• **ASSIGNED TASK**
The answer should contain every record below, output exactly.

• **SUPPLIED MATERIAL**
+++

Lemma trajectories_dist k : (k <= m)%N -> enorm (x k - x' k) <= 2 * L * stab_bound eta b k.
Proof.
elim: k => [_|k IH km]; first by rewrite x0 subrr enorm0 dist_bound_ge0.
have IHk := IH (ltnW km); have e_ge0 := eta_ge0 km.
rewrite (x_step km) (x'_step km); apply: le_trans (proj_nonexpansive _ projP _ _) _ => //.
have [bk|bk] := boolP (b k).
  apply: le_trans (enorm_step_diff (L := L) _ _ _ _ e_ge0) _; rewrite ?g_bounded //.
  by have := ler_wpM2l L2_ge0 (stab_bound_hit eta_ge0 km bk); rewrite mulrDr; lra.
have [N0|N_gt0] := posnP (nhits b k).
  by rewrite (trajectories_eq (ltnW km) N0) same_sample // subrr enorm0 dist_bound_ge0.
rewrite same_sample // -(ler_pXn2r (n := 2)) ?nnegrE ?enorm_ge0 ?dist_bound_ge0 //.
apply: le_trans (enorm_step_same (L := L) _ _ _ _) _; rewrite ?g_monotone ?g_bounded //.
have IH2 : enorm (x k - x' k) ^+ 2 <= (2 * L * stab_bound eta b k) ^+ 2.
  by rewrite ler_pXn2r ?nnegrE ?enorm_ge0 ?dist_bound_ge0 ?(ltnW km).
have := ler_wpM2l (sqr_ge0 (2 * L)) (stab_bound_miss eta_ge0 km bk N_gt0).
by rewrite !exprMn in IH2 *; lra.
Qed.

End TwoTrajectories.

Section Expectation.
Variables (R : realType) (n m : nat).
Implicit Types F G : {ffun 'I_m -> 'I_n} -> R.
Local Notation E := (@expect_idx R n m).

Lemma expect_idx_sum (J : Type) (r : seq J) (P : pred J) (F : J -> {ffun 'I_m -> 'I_n} -> R) :
  E (fun I => \sum_(i <- r | P i) F i I) = \sum_(i <- r | P i) E (F i).
Proof. by rewrite /expect_idx exchange_big mulr_suml. Qed.
(* A jet [F] stands for the function [F 0] together with its derivatives [F j]. *)
Definition jet := nat -> R -> R.

Definition jet_eq (F G : jet) := forall j x, F j x = G j x.
Definition jet_add (F G : jet) : jet := fun j x => F j x + G j x.
Definition jet_scal (c : R) (F : jet) : jet := fun j x => c * F j x.
Definition jet_deriv (F : jet) : jet := fun j => F (S j).
Fixpoint jet_derivn (k : nat) (F : jet) : jet :=
  match k with O => F | S k => jet_deriv (jet_derivn k F) end.

Lemma jet_derivn_eq k F j x : jet_derivn k F j x = F (k + j)%nat x.
Proof.
  revert j; induction k as [|k IH]; intros j; simpl; [easy|].
  unfold jet_deriv. rewrite IH. f_equal. lia.
Qed.

Section Weight.
Variables a s : R.

Definition lam (x : R) := a * (x + s).
Definition wt (x : R) := exp (a * (x + s) ^ 2).

(* Jets of [lam f] and of the conjugated derivative [wt^-1 (wt f)' = f' + 2 lam f];
   since [lam' = a] and [lam'' = 0], Leibniz' rule has only two terms
   (at [j = 0] the junk [F (pred 0)] is multiplied by [INR 0]). *)
Definition jet_lam (F : jet) : jet := fun j x => lam x * F j x + INR j * a * F (pred j) x.
Definition cderiv (F : jet) : jet :=
  fun j x => F (S j) x + 2 * lam x * F j x + 2 * INR j * a * F (pred j) x.
Fixpoint cderivn (k : nat) (F : jet) : jet :=
  match k with O => F | S k => cderiv (cderivn k F) end.

Lemma wt_pos x : 0 < wt x.
Proof. apply exp_pos. Qed.

Lemma derivable_pt_lim_lam x : derivable_pt_lim lam x a.
Proof. apply is_derive_Reals. unfold lam. auto_derive; [easy | simpl; ring]. Qed.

+++

• **WRITTEN SOLUTION**
Lemma trajectories_dist k : (k <= m)%N -> enorm (x k - x' k) <= 2 * L * stab_bound eta b k.
Proof.
elim: k => [_|k IH km]; first by rewrite x0 subrr enorm0 dist_bound_ge0.
have IHk := IH (ltnW km); have e_ge0 := eta_ge0 km.
rewrite (x_step km) (x'_step km); apply: le_trans (proj_nonexpansive _ projP _ _) _ => //.
have [bk|bk] := boolP (b k).
  apply: le_trans (enorm_step_diff (L := L) _ _ _ _ e_ge0) _; rewrite ?g_bounded //.
  by have := ler_wpM2l L2_ge0 (stab_bound_hit eta_ge0 km bk); rewrite mulrDr; lra.
have [N0|N_gt0] := posnP (nhits b k).
  by rewrite (trajectories_eq (ltnW km) N0) same_sample // subrr enorm0 dist_bound_ge0.
rewrite same_sample // -(ler_pXn2r (n := 2)) ?nnegrE ?enorm_ge0 ?dist_bound_ge0 //.
apply: le_trans (enorm_step_same (L := L) _ _ _ _) _; rewrite ?g_monotone ?g_bounded //.
have IH2 : enorm (x k - x' k) ^+ 2 <= (2 * L * stab_bound eta b k) ^+ 2.
  by rewrite ler_pXn2r ?nnegrE ?enorm_ge0 ?dist_bound_ge0 ?(ltnW km).
have := ler_wpM2l (sqr_ge0 (2 * L)) (stab_bound_miss eta_ge0 km bk N_gt0).
by rewrite !exprMn in IH2 *; lra.
Qed.

End TwoTrajectories.

Section Expectation.
Variables (R : realType) (n m : nat).
Implicit Types F G : {ffun 'I_m -> 'I_n} -> R.
Local Notation E := (@expect_idx R n m).

Lemma expect_idx_sum (J : Type) (r : seq J) (P : pred J) (F : J -> {ffun 'I_m -> 'I_n} -> R) :
  E (fun I => \sum_(i <- r | P i) F i I) = \sum_(i <- r | P i) E (F i).
Proof. by rewrite /expect_idx exchange_big mulr_suml. Qed.
(* A jet [F] stands for the function [F 0] together with its derivatives [F j]. *)
Definition jet := nat -> R -> R.

Definition jet_eq (F G : jet) := forall j x, F j x = G j x.
Definition jet_add (F G : jet) : jet := fun j x => F j x + G j x.
Definition jet_scal (c : R) (F : jet) : jet := fun j x => c * F j x.
Definition jet_deriv (F : jet) : jet := fun j => F (S j).
Fixpoint jet_derivn (k : nat) (F : jet) : jet :=
  match k with O => F | S k => jet_deriv (jet_derivn k F) end.

Lemma jet_derivn_eq k F j x : jet_derivn k F j x = F (k + j)%nat x.
Proof.
  revert j; induction k as [|k IH]; intros j; simpl; [easy|].
  unfold jet_deriv. rewrite IH. f_equal. lia.
Qed.

Section Weight.
Variables a s : R.

Definition lam (x : R) := a * (x + s).
Definition wt (x : R) := exp (a * (x + s) ^ 2).

(* Jets of [lam f] and of the conjugated derivative [wt^-1 (wt f)' = f' + 2 lam f];
   since [lam' = a] and [lam'' = 0], Leibniz' rule has only two terms
   (at [j = 0] the junk [F (pred 0)] is multiplied by [INR 0]). *)
Definition jet_lam (F : jet) : jet := fun j x => lam x * F j x + INR j * a * F (pred j) x.
Definition cderiv (F : jet) : jet :=
  fun j x => F (S j) x + 2 * lam x * F j x + 2 * INR j * a * F (pred j) x.
Fixpoint cderivn (k : nat) (F : jet) : jet :=
  match k with O => F | S k => cderiv (cderivn k F) end.

Lemma wt_pos x : 0 < wt x.
Proof. apply exp_pos. Qed.

Lemma derivable_pt_lim_lam x : derivable_pt_lim lam x a.
Proof. apply is_derive_Reals. unfold lam. auto_derive; [easy | simpl; ring]. Qed.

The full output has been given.